### ACTIVITY
Print the listing exactly, but only as far as the line containing "Definition vec (n : nat) := Fin.t n -> R.". The first line and that line are both included.
..............................
(* Let $a,b\in\mathbb{R}^+\cup\{\infty\}$, $n\ge1$, $g\in C^1(\mathbb{R}^n,\mathbb{R}^n)$, and define $F:(-a,b)\times\mathbb{R}^n\to(-a,b)\times\mathbb{R}^n$ by $F(U,X)=(U,\,X+g(X)\,U_+)$, where $U_+=\max(U,0)$. Then there exists an open set $W$ containing $(-a,0]\times\mathbb{R}^n$ such that $F|_W$ is injective. *)

From Stdlib Require Import Reals.
From Stdlib Require Fin.
Open Scope R_scope.

Definition vec (n : nat) := Fin.t n -> R.

Definition basis {n : nat} (j : Fin.t n) : vec n :=
  fun i => if Fin.eqb i j then 1 else 0.

Definition vshift {n : nat} (x : vec n) (t : R) (v : vec n) : vec n :=
  fun i => x i + t * v i.

(* continuity of a real-valued function on R^n (Euclidean topology, via the
   equivalent sup-distance balls) *)
Definition cont_vec {n : nat} (h : vec n -> R) : Prop :=
  forall x eps, 0 < eps -> exists delta, 0 < delta /\
    forall y, (forall i, Rabs (y i - x i) < delta) -> Rabs (h y - h x) < eps.

Definition C1_vec {n : nat} (g : vec n -> vec n) : Prop :=
  exists dg : Fin.t n -> Fin.t n -> vec n -> R,
    (forall i j x, derivable_pt_lim (fun t => g (vshift x t (basis j)) i) 0 (dg i j x))
    /\ (forall i j, cont_vec (dg i j)).

(* extended positive reals R^+ ∪ {∞}: None = ∞, Some a with 0 < a *)
Definition ext_pos (a : option R) : Prop :=
  match a with Some r => 0 < r | None => True end.

Definition in_interval (a b : option R) (u : R) : Prop :=
  (match a with Some r => - r < u | None => True end) /\
  (match b with Some r => u < r | None => True end).

Definition open_RxRn {n : nat} (W : (R * vec n)%type -> Prop) : Prop :=
  forall p, W p -> exists eps, 0 < eps /\
    forall q : (R * vec n)%type, Rabs (fst q - fst p) < eps ->
      (forall i, Rabs (snd q i - snd p i) < eps) -> W q.

Definition Fmap {n : nat} (g : vec n -> vec n) (p : (R * vec n)%type) : (R * vec n)%type :=
  (fst p, fun i => snd p i + g (snd p) i * Rmax (fst p) 0).

(* For U <= 0 the map F is the identity in X. Around any X, g is C^1, hence
   Lipschitz (constant L) and bounded (by G) on a box; for U > 0 with U L < 1
   and U G small compared to the box, X |-> X + U g(X) is injective there and
   moves points only a little. W consists of the (U, X) admitting such a box
   with some room to spare, which makes W open and contain every U <= 0.
   If two points of W have the same image, each moved by less than a quarter
   of the larger box, so both lie in that box and the contraction estimate
   |X - Y| <= U L |X - Y| forces X = Y. *)

From Stdlib Require Import Reals Lra Lia.
From Stdlib Require Fin.
From Stdlib Require Import FunctionalExtensionality.
Open Scope R_scope.

Lemma Rabs_le_iff (x r : R) : Rabs x <= r <-> - r <= x <= r.
Proof. unfold Rabs; destruct (Rcase_abs x); split; intros; lra. Qed.

Definition in_box {n} (c : vec n) (rad : R) (y : vec n) : Prop :=
  forall k, Rabs (y k - c k) <= rad.

Lemma in_box_center {n} (c : vec n) (rad : R) : 0 <= rad -> in_box c rad c.
Proof. intros Hrad k; unfold Rminus; rewrite Rplus_opp_r, Rabs_R0; exact Hrad. Qed.

Lemma in_box_weaken {n} (c y : vec n) (r r' : R) : r <= r' -> in_box c r y -> in_box c r' y.
Proof. intros Hr Hy k; specialize (Hy k); lra. Qed.

Lemma in_box_trans {n} (c x y : vec n) (r s : R) :
  in_box c r x -> in_box x s y -> in_box c (r + s) y.
Proof.
  intros Hx Hy k; replace (y k - c k) with ((x k - c k) + (y k - x k)) by ring.
  eapply Rle_trans; [apply Rabs_triang|]; specialize (Hx k); specialize (Hy k); lra.
Qed.

Fixpoint fin_max {n : nat} : (Fin.t n -> R) -> R :=
  match n with
  | O => fun _ => 0
  | S m => fun f => Rmax (f Fin.F1) (fin_max (fun i => f (Fin.FS i)))
  end.

Lemma fin_max_ge {n} (f : Fin.t n -> R) (i : Fin.t n) : f i <= fin_max f.
Proof.
  induction i as [m|m i IH]; simpl; [apply Rmax_l|].
  eapply Rle_trans; [apply (IH (fun i => f (Fin.FS i)))|apply Rmax_r].
Qed.
(* Condition k asks that the order_k-th derivative at point (index_k) lie in T ∖ {0}. *)
Definition order (k : nat) : nat := fst (pair_enum k).
Definition index (k : nat) : nat := snd (pair_enum k).
Definition cpoint (k : nat) : Cplx := point (index k).

Definition redundant (k : nat) : Prop :=
  exists n, (n < index k)%nat /\ point n = point (index k).

Fixpoint separator (k j : nat) : list Cplx :=
  match j with
  | O => [C1]
  | S j' => if excluded_middle_informative (cpoint j' = cpoint k) then separator k j'
            else pmul_lin_pow (cpoint j') (S (order j')) (separator k j')
  end.

Definition basis (k : nat) : list Cplx := pmul_lin_pow (cpoint k) (order k) (separator k k).

(* The value Q_k^(order k)(cpoint k) by which the coefficient c_k acts on condition k. *)
Definition pivot (k : nat) : Cplx := peval (pderivn (order k) (basis k)) (cpoint k).

(* Admissible size of c_k: it keeps |c_k| pmajor(Q_k^(i))(k) ≤ 2^{-k} for all i ≤ k. *)
Definition basis_size (k : nat) : R :=
  rsum (fun i => pmajor (pderivn i (basis k)) (INR k)) (S k).
Definition radius (k : nat) : R := (/2)^k / (1 + basis_size k).

Definition target (t : Cplx) : Prop := T t /\ t <> C0.

Definition prior_value (g : nat -> Cplx) (k : nat) : Cplx :=
  csum (fun j => Cmul (g j) (peval (pderivn (order k) (basis j)) (cpoint k))) k.

(* Choose c_k = (t - prior value) / pivot for a target value t close to the prior value. *)
Definition choose_coef (g : nat -> Cplx) (k : nat) : Cplx :=
  if excluded_middle_informative (redundant k) then C0 else
  Cmul (Csub (epsilon (inhabits C0)
                (fun t => target t /\
                          Cnorm (Csub t (prior_value g k)) < Cnorm (pivot k) * radius k))
             (prior_value g k))
       (Cinv (pivot k)).

(* coef_prefix k holds the coefficients c_0, …, c_{k-1}. *)
Fixpoint coef_prefix (k : nat) : nat -> Cplx :=
  match k with
  | O => fun _ => C0
  | S k => fun j => if Nat.ltb j k then coef_prefix k j else choose_coef (coef_prefix k) k
  end.

Definition coef (j : nat) : Cplx := coef_prefix (S j) j.

Lemma coef_prefix_coef : forall k j, (j < k)%nat -> coef_prefix k j = coef j.
Proof.
  induction k as [|k IH]; intros j Hj; [lia|]. simpl.
  destruct (Nat.ltb_spec j k); [apply IH; auto|].
  assert (j = k) by lia. subst. unfold coef. simpl. rewrite Nat.ltb_irrefl. reflexivity.
Qed.

Lemma coef_choose : forall k, coef k = choose_coef coef k.
Proof.
  intros k. unfold coef at 1. simpl. rewrite Nat.ltb_irrefl. unfold choose_coef.
  replace (prior_value (coef_prefix k) k) with (prior_value coef k); [reflexivity|].
  apply csum_ext. intros; rewrite coef_prefix_coef; auto.
Qed.

Lemma coef_redundant : forall k, redundant k -> coef k = C0.
Proof.
  intros k Hk. rewrite coef_choose. unfold choose_coef.
  destruct (excluded_middle_informative (redundant k)); [reflexivity | contradiction].
Qed.

Lemma separator_nonzero : forall k j, peval (separator k j) (cpoint k) <> C0.
Proof.
  induction j as [|j IH]; simpl.
  - intro H. assert (Hre : Re (Cadd C1 (Cmul (cpoint k) C0)) = Re C0) by (rewrite H; auto).
    unfold Cadd, Cmul, C1, C0 in Hre; simpl in Hre. lra.
  - destruct (excluded_middle_informative (cpoint j = cpoint k)) as [_|Hne]; auto.
    exact (peval_mul_lin_pow_nonzero (cpoint j) (S (order j)) _ _ (not_eq_sym Hne) IH).
Qed.

Lemma pivot_nonzero : forall k, pivot k <> C0.
Proof.
  intros k. unfold pivot, basis. rewrite peval_pderivn_mul_lin_pow.
  apply Cmul_nonzero; [apply INRc_nonzero, lt_O_fact | apply separator_nonzero].
Qed.

Lemma separator_vanishes : forall k j i, (i < j)%nat -> cpoint i <> cpoint k ->
  vanishes (separator k j) (cpoint i) (S (order i)).
Proof.
  induction j as [|j IH]; intros i Hi Hne; [lia|]. cbn [separator].
  destruct (excluded_middle_informative (cpoint j = cpoint k)) as [E|E];
    destruct (Nat.eq_dec i j) as [->|Hij].
  - contradiction.
  - apply IH; auto; lia.
  - apply vanishes_mul_lin_pow_same.
  - apply vanishes_mul_lin_pow, IH; auto; lia.
Qed.

Lemma basis_vanishes_other : forall i j, (i < j)%nat -> cpoint i <> cpoint j ->
  vanishes (basis j) (cpoint i) (S (order i)).
Proof. intros. unfold basis. apply vanishes_mul_lin_pow, separator_vanishes; auto. Qed.

Lemma basis_vanishes_self : forall j, vanishes (basis j) (cpoint j) (order j).
Proof. intros. unfold basis. apply vanishes_mul_lin_pow_same. Qed.

Lemma later_term_vanishes : forall k j, ~ redundant k -> (k < j)%nat ->
  Cmul (coef j) (peval (pderivn (order k) (basis j)) (cpoint k)) = C0.
Proof.
  intros k j Hk Hkj.
  destruct (classic (redundant j)) as [Hj|Hj]; [rewrite coef_redundant by auto; Cring|].
  destruct (classic (cpoint k = cpoint j)) as [E|E].
  - assert (Hidx : index k = index j).
    { unfold cpoint in E. destruct (lt_eq_lt_dec (index k) (index j)) as [[l|l]|l]; auto.
      - exfalso; apply Hj. exists (index k); split; auto.
      - exfalso; apply Hk. exists (index j); split; auto. }
    pose proof (pair_enum_fst_increasing k j Hkj Hidx) as Hord.
    rewrite E, (basis_vanishes_self j (order k) Hord). Cring.
  - rewrite (basis_vanishes_other k j Hkj E (order k)) by lia. Cring.
Qed.

Hypothesis T_dense : dense_set T.

Lemma target_dense : forall z eps, 0 < eps -> exists t, target t /\ Cnorm (Csub t z) < eps.
Proof.
  intros z eps He. destruct (classic (z = C0)) as [->|Hz].
  - destruct (T_dense (mkC (eps / 2) 0) (eps / 2) ltac:(lra)) as [t [Tt Ht]].
    assert (Hshift : Csub t C0 = Cadd (Csub t (mkC (eps / 2) 0)) (mkC (eps / 2) 0)) by Cring.
    exists t. split; [split; auto|].
    + intros ->. replace (Csub C0 (mkC (eps / 2) 0)) with (mkC (- (eps / 2)) 0) in Ht by Cring.
      rewrite Cnorm_real, Rabs_left in Ht; lra.
    + rewrite Hshift. eapply Rle_lt_trans; [apply Cnorm_triangle|].
      rewrite Cnorm_real, Rabs_right; lra.
  - pose proof (Cnorm_pos z Hz).
    destruct (T_dense z (Rmin eps (Cnorm z)) ltac:(apply Rmin_pos; lra)) as [t [Tt Ht]].
    pose proof (Rmin_l eps (Cnorm z)). pose proof (Rmin_r eps (Cnorm z)).
    exists t. split; [split; auto | lra].
    intros ->. replace (Csub C0 z) with (Copp z) in Ht by Cring. rewrite Cnorm_opp in Ht. lra.
Qed.

Lemma radius_pos : forall k, 0 < radius k.
Proof.
  intros k. unfold radius, basis_size. apply Rdiv_lt_0_compat; [apply pow_lt; lra|].
  pose proof (rsum_nonneg (fun i => pmajor (pderivn i (basis k)) (INR k)) (S k)
                ltac:(intros; apply pmajor_nonneg, pos_INR)). lra.
Qed.

Lemma coef_spec : forall k, ~ redundant k ->
  target (Cadd (prior_value coef k) (Cmul (coef k) (pivot k))) /\ Cnorm (coef k) < radius k.
Proof.
  intros k Hk. pose proof (Cnorm_pos _ (pivot_nonzero k)) as Hq.
  set (V := prior_value coef k).
  set (Good := fun t => target t /\ Cnorm (Csub t V) < Cnorm (pivot k) * radius k).
  assert (HGood : Good (epsilon (inhabits C0) Good)).
  { apply epsilon_spec, target_dense. pose proof (radius_pos k). nra. }
  set (t := epsilon (inhabits C0) Good) in *. destruct HGood as [Ht Hclose].
  assert (Hcq : Cmul (coef k) (pivot k) = Csub t V).
  { rewrite coef_choose. unfold choose_coef.
    destruct (excluded_middle_informative (redundant k)); [contradiction|]. fold V Good t.
    pose proof (Cinv_l _ (pivot_nonzero k)) as Hinv.
    replace (Cmul (Cmul (Csub t V) (Cinv (pivot k))) (pivot k))
      with (Cmul (Csub t V) (Cmul (Cinv (pivot k)) (pivot k))) by Cring.
    rewrite Hinv. Cring. }
  split.
  - rewrite Hcq. replace (Cadd V (Csub t V)) with t by Cring. exact Ht.
  - rewrite <- Hcq, Cnorm_mul in Hclose. pose proof (Cnorm_nonneg (coef k)). nra.
Qed.

Lemma coef_bound : forall k, Cnorm (coef k) <= radius k.
Proof.
  intros k. destruct (classic (redundant k)) as [Hk|Hk].
  - rewrite coef_redundant, Cnorm_C0 by auto. apply Rlt_le, radius_pos.
  - apply Rlt_le, coef_spec; auto.
Qed.

Lemma coef_dominated : forall s r, 0 <= r -> exists J, forall j, (J <= j)%nat ->
  Cnorm (coef j) * pmajor (pderivn s (basis j)) r <= (/2)^j.
Proof.
  intros s r Hr. destruct (nat_above r) as [N HN]. exists (max s N). intros j Hj.
  assert (Hmaj : pmajor (pderivn s (basis j)) r <= basis_size j).
  { eapply Rle_trans; [apply (pmajor_mono _ r (INR j)); auto|].
    - eapply Rle_trans; [apply HN | apply le_INR; lia].
    - unfold basis_size. apply (rsum_term_le (fun i => pmajor (pderivn i (basis j)) (INR j)));
        [intros; apply pmajor_nonneg, pos_INR | lia]. }
  assert (Hmaj0 : 0 <= pmajor (pderivn s (basis j)) r) by (apply pmajor_nonneg; auto).
  pose proof (coef_bound j) as Hc. pose proof (Cnorm_nonneg (coef j)).
  assert (Hcs : Cnorm (coef j) * (1 + basis_size j) <= (/2)^j).
  { unfold radius in Hc. apply (Rmult_le_compat_r (1 + basis_size j)) in Hc; [|lra].
    unfold Rdiv in Hc. rewrite Rmult_assoc, Rinv_l in Hc; lra. }
  nra.
Qed.

Definition interpolant (s : nat) (z : Cplx) : Cplx := series basis coef s z.

Lemma interpolant_derivative : forall s z,
  C_has_derivative (interpolant s) z (interpolant (S s) z).
Proof. intros. apply series_derivative, coef_dominated. Qed.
..............................
### TASK OUTPUT
(* Let $a,b\in\mathbb{R}^+\cup\{\infty\}$, $n\ge1$, $g\in C^1(\mathbb{R}^n,\mathbb{R}^n)$, and define $F:(-a,b)\times\mathbb{R}^n\to(-a,b)\times\mathbb{R}^n$ by $F(U,X)=(U,\,X+g(X)\,U_+)$, where $U_+=\max(U,0)$. Then there exists an open set $W$ containing $(-a,0]\times\mathbb{R}^n$ such that $F|_W$ is injective. *)

From Stdlib Require Import Reals.
From Stdlib Require Fin.
Open Scope R_scope.

Definition vec (n : nat) := Fin.t n -> R.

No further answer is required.